→ YOUR OBJECTIVE
In the entries that follow, find the line containing "Lemma conjugate_trans A"; from there, copy every line exactly through the line containing "apply: same_set_trans hAB".

--- INPUT DATA Enclosed Below ---

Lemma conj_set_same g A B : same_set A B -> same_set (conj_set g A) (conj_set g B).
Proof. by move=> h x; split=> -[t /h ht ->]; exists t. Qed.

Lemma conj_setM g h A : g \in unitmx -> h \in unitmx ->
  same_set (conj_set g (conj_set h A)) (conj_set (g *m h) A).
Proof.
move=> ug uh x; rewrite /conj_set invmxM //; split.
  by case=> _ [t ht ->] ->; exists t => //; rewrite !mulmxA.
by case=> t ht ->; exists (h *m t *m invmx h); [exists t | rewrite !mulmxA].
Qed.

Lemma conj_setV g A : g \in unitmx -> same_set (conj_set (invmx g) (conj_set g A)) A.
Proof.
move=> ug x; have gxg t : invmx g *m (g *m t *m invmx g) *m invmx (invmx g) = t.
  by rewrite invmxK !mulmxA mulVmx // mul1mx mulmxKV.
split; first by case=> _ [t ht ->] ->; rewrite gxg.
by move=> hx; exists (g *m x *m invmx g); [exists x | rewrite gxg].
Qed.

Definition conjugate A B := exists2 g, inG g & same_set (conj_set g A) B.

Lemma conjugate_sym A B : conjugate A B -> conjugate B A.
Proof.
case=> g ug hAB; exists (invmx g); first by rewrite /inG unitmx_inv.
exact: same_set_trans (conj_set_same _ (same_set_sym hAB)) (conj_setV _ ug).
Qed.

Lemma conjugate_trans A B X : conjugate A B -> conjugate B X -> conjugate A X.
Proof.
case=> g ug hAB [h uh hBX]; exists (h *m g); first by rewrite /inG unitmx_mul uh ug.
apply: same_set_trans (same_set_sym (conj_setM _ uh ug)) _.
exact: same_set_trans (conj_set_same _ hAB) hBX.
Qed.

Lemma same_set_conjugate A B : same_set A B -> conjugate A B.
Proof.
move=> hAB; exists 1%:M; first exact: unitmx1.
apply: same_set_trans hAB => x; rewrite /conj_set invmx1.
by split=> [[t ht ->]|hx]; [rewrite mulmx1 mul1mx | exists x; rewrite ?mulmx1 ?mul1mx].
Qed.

--- End of Enclosed INPUT DATA ---

→ EXERCISE SOLUTION
Lemma conjugate_trans A B X : conjugate A B -> conjugate B X -> conjugate A X.
Proof.
case=> g ug hAB [h uh hBX]; exists (h *m g); first by rewrite /inG unitmx_mul uh ug.
apply: same_set_trans (same_set_sym (conj_setM _ uh ug)) _.
exact: same_set_trans (conj_set_same _ hAB) hBX.
Qed.

Lemma same_set_conjugate A B : same_set A B -> conjugate A B.
Proof.
move=> hAB; exists 1%:M; first exact: unitmx1.
apply: same_set_trans hAB => x; rewrite /conj_set invmx1.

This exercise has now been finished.